Mr. Bill, simply posting a direct link to a cited article in the opinion is "liberal enthusiasm for guns"? I've never been anti-gun, but since you brought it up, a child is more likely to be accidentally killed by a gun than be killed by a stranger sex offender. Parents should equally ask if there is a gun at the house before allowing their child to visit. Why shouldn't gun regulation be as extreme? There was something else interesting in the paper. Those that carried their guns to the Obama "assemblages" were violating common law. There was something else noteworthy in the article. The NRA was apparently the MADD equivalent in the 20s and 30s. "Take their rights, not ours." The NRA apparently did some fear mongering about guns and now complain because of regulations based on fear of guns.

Posted by: George | Feb 10, 2010 12:23:16 PM

Doug --

"Bill, just because some folks have come late to a concern for gun rights does not mean that the rights need not be respected."

It's not that they came late. They switched sides. On a dime.

Of course gun rights need to be respected. But to say that does not answer the question of what those rights are, or what limitations on them are consistent with the Second Amendment.

"Shouldn't the 'libs' you like to assail be praised for accepting Heller as the law of the land..."

No, since they have no realistic choice but to accept it.

"...and now being interested in figuring out its valid constitutional reach and limits?"

I don't think their concerns are that scholastic.

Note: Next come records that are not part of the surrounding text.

(* Let $m\ge1$ and $m_0\in\{0,\dots,m\}$. Let $\mathbf p=(p_1,\dots,p_m)$ have joint distribution $P$ such that $p_1,\dots,p_{m_0}$ are mutually independent and each satisfies $P(p_i\le x)\le x$ for all $x\in[0,1]$ (the remaining $p$-values having arbitrary joint distribution, possibly dependent on the first ones). Let $\delta$ be a multiple testing procedure rejecting exactly the hypotheses $i$ with $p_i\le t^*(\mathbf p)$, where $t^*:[0,1]^m\to[0,1]$ is measurable and nonincreasing in each coordinate. Let $\phi:\mathbb N\to\mathbb R$ be nondecreasing, and set $R(P,\delta)=\mathbb E_{\mathbf p\sim P}[\phi(V_m(\delta(\mathbf p)))]$. Then $R(P,\delta)\le R(\mathrm{DU}(m,m_0),\delta)$.
   Context: $V_m(\delta(\mathbf p))=|\{1\le i\le m_0: p_i\le t^*(\mathbf p)\}|$ is the number of rejected true null hypotheses, hypotheses $1,\dots,m_0$ being the true nulls. $\mathrm{DU}(m,m_0)$ is the Dirac-uniform distribution: $p_1,\dots,p_{m_0}$ i.i.d. uniform on $(0,1)$ and $p_i=0$ almost surely for $m_0<i\le m$. (Example: $\phi(v)=\mathbf 1\{v\ge k\}$ gives the $k$-FWER.) *)

From HB Require Import structures.
From mathcomp Require Import all_boot all_order all_algebra.
From mathcomp Require Import all_classical all_reals all_analysis.
Set Implicit Arguments. Unset Strict Implicit. Unset Printing Implicit Defensive.
Import Order.TTheory GRing.Theory Num.Theory.
Local Open Scope classical_set_scope.
Local Open Scope ring_scope.

(* p-value vectors are m-tuples of reals, with the product (Borel) sigma-algebra
   provided by MathComp-Analysis on [n.-tuple R]. *)

Definition cube {R : realType} (m : nat) : set (m.-tuple R) :=
  [set x | forall i : 'I_m, 0 <= tnth x i <= 1].
Arguments cube {R} m.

I think it's mostly defense lawyers trying to get clients with felony records off the hook when a sawed-off shotgun shows up in their closet.

"Would you prefer the "libs" take the approach that some have taken to the Kennedy child rape ruling by urging the passage of even more restrictive gun laws and hope that SCOTUS will reverse Heller? Or are you urging "libs" to gear up a constitutional amendment response as they now seem to want to do in response to Citizens United?"

I'm the last one libs should (or would) look to for advice, since I'm playing for the other team. If they want to gear up for a Constitutional amendment, fine, it's a free country, but it would be a waste of time. They'd be better advised to put the dough into trying to hold the House, which is right now looking like a dicey proposition.

I admire the Quixotic efforts to push the Court to reverse itself in Kennedy, which I view as wrongly decided for the reasons stated in Justice Alito's dissent. But they're still Quixotic. The states don't push the Court around; it's vice versa.

P.S. I'm not as averse to your position as I might sound. I admit I enjoy teasing the libs with their own favorite charge of hypocrisy, but most of my lib friends take it well and just hand it back to me for having shot myself in the foot in Dickerson.

If the states keep their present prohibition on felon-in-possession, it's OK with me. There may be individual instances of injustice, and I would be fine with a statute that permitted previously convicted felons to petition for review of their firearms disability. But my basic advice to people is what it's always been, to wit, don't get yourself a felony conviction and you won't have to worry about it. Since 99% or so of the population seems to follow this advice, I rest easy at night.